**HOW TO COMPLETE THIS TASK:** Copy the lines below verbatim. Begin with the first and end with the line containing "Local Open Scope nat_scope.".
+---+
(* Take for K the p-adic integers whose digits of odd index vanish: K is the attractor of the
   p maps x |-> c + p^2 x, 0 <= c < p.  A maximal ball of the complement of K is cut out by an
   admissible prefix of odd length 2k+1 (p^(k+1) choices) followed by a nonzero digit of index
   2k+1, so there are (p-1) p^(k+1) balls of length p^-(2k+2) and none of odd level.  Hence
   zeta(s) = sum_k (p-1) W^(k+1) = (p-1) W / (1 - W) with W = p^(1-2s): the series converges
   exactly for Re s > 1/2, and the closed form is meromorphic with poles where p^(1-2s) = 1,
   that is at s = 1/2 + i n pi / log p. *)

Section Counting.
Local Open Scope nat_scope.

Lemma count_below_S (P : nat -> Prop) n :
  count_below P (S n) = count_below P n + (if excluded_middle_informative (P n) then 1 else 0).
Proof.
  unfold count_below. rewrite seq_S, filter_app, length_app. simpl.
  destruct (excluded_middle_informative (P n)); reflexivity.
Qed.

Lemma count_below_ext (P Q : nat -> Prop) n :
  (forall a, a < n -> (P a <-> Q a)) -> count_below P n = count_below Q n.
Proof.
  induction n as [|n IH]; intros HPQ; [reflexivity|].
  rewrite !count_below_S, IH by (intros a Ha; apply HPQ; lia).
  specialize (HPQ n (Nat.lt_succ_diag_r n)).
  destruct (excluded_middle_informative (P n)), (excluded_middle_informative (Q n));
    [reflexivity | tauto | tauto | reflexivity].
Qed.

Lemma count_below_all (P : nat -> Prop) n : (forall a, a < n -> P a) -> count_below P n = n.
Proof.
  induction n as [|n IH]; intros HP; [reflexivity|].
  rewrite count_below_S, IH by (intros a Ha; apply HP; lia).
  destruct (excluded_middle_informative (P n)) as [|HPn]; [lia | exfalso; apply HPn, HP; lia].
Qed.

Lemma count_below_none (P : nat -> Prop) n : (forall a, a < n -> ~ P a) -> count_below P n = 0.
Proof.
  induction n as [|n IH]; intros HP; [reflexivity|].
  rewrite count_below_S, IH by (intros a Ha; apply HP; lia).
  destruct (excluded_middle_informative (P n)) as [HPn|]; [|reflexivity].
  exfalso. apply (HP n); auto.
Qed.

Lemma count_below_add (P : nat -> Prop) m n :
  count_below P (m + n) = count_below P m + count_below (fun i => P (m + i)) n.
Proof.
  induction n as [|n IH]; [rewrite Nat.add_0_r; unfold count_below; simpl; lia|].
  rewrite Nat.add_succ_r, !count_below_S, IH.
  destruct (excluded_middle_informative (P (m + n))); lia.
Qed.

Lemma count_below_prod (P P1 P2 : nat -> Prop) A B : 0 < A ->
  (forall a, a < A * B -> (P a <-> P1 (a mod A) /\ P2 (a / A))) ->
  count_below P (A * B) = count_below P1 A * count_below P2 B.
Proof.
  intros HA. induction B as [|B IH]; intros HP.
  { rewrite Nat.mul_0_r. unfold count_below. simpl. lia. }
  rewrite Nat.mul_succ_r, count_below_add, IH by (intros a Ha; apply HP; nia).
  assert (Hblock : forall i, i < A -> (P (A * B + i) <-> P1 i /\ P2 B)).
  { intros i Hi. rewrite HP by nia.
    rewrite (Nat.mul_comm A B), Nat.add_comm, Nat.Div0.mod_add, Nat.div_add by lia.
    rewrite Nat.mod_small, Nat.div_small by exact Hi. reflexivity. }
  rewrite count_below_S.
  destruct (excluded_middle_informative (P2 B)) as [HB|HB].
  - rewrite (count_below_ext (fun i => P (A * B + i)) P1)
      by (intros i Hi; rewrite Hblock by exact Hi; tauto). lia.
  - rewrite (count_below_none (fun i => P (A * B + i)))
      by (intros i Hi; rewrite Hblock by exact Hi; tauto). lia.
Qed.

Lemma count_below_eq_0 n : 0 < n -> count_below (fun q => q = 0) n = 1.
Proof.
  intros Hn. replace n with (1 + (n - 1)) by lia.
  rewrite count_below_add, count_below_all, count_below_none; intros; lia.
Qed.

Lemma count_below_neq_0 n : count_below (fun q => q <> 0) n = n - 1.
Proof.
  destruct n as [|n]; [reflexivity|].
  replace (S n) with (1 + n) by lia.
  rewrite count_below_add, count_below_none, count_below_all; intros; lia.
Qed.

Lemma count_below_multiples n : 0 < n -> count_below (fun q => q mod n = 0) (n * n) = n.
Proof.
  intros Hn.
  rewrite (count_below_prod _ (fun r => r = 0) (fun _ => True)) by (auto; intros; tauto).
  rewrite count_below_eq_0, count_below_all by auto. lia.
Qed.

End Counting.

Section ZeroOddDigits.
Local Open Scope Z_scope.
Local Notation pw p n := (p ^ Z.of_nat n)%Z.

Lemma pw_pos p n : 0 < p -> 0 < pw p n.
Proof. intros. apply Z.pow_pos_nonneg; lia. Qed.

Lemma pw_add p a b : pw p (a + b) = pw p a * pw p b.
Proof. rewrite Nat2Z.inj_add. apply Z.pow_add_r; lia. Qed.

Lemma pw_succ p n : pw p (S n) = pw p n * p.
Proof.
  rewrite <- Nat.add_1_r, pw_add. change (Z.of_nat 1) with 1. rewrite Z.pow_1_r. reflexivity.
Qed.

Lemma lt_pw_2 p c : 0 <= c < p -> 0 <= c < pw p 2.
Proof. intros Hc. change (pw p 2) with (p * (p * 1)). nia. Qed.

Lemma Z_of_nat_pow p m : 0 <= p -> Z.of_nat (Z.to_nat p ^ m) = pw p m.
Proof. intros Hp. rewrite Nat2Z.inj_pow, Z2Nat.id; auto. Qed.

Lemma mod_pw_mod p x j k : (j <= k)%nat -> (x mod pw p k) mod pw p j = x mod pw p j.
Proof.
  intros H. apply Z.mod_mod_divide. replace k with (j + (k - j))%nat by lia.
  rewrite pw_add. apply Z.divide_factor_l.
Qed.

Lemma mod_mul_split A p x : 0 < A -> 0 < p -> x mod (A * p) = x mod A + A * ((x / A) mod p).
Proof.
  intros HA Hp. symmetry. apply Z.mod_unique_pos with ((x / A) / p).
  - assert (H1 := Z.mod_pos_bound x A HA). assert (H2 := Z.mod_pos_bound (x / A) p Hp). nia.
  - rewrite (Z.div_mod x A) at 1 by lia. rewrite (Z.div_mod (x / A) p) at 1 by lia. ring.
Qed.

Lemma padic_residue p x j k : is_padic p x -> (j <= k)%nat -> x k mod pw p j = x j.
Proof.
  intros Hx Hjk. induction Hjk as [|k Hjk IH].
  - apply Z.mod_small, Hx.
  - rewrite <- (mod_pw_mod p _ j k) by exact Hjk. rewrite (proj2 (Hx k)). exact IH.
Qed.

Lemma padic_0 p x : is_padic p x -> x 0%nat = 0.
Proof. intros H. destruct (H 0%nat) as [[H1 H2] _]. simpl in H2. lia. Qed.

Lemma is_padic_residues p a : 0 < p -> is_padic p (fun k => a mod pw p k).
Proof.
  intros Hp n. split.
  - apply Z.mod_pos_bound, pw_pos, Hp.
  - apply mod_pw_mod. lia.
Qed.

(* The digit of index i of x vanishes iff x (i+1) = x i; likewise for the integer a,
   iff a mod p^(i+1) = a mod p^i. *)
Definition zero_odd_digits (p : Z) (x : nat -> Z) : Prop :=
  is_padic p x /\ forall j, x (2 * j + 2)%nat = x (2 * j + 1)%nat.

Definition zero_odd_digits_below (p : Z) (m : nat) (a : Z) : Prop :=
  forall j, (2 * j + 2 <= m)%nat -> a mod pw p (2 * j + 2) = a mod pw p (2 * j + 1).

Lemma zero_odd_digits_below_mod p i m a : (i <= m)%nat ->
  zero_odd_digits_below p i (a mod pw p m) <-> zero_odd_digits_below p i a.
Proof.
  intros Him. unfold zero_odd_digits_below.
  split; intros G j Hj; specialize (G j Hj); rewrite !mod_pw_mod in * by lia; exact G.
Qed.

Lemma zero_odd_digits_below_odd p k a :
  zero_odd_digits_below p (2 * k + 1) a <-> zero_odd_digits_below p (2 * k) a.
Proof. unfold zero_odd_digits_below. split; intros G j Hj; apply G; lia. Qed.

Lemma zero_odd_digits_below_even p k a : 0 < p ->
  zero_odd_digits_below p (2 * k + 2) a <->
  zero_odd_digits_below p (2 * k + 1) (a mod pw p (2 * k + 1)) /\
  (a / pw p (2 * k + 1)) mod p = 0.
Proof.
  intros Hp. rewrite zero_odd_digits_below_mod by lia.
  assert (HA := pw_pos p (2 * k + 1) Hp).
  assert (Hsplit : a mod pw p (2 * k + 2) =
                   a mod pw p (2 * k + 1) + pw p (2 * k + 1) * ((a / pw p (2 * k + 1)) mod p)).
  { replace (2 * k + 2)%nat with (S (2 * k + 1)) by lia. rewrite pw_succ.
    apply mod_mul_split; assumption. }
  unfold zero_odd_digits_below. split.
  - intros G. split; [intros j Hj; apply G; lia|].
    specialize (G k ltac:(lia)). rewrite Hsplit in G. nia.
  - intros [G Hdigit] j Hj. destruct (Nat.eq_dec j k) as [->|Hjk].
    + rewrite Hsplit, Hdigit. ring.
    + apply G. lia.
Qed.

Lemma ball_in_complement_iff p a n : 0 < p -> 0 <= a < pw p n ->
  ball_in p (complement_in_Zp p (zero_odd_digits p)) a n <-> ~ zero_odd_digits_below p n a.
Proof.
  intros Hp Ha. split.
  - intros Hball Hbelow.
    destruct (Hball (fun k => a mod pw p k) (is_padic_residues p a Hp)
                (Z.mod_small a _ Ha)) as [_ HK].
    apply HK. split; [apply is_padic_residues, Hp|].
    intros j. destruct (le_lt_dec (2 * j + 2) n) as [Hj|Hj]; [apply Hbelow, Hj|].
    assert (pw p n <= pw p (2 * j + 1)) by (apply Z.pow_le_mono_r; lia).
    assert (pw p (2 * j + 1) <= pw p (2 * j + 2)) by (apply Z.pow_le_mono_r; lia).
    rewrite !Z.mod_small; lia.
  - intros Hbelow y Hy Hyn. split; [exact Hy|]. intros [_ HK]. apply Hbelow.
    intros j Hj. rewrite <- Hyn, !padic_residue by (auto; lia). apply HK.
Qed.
+---+
**ANSWER AREA:**
(* Take for K the p-adic integers whose digits of odd index vanish: K is the attractor of the
   p maps x |-> c + p^2 x, 0 <= c < p.  A maximal ball of the complement of K is cut out by an
   admissible prefix of odd length 2k+1 (p^(k+1) choices) followed by a nonzero digit of index
   2k+1, so there are (p-1) p^(k+1) balls of length p^-(2k+2) and none of odd level.  Hence
   zeta(s) = sum_k (p-1) W^(k+1) = (p-1) W / (1 - W) with W = p^(1-2s): the series converges
   exactly for Re s > 1/2, and the closed form is meromorphic with poles where p^(1-2s) = 1,
   that is at s = 1/2 + i n pi / log p. *)

Section Counting.
Local Open Scope nat_scope.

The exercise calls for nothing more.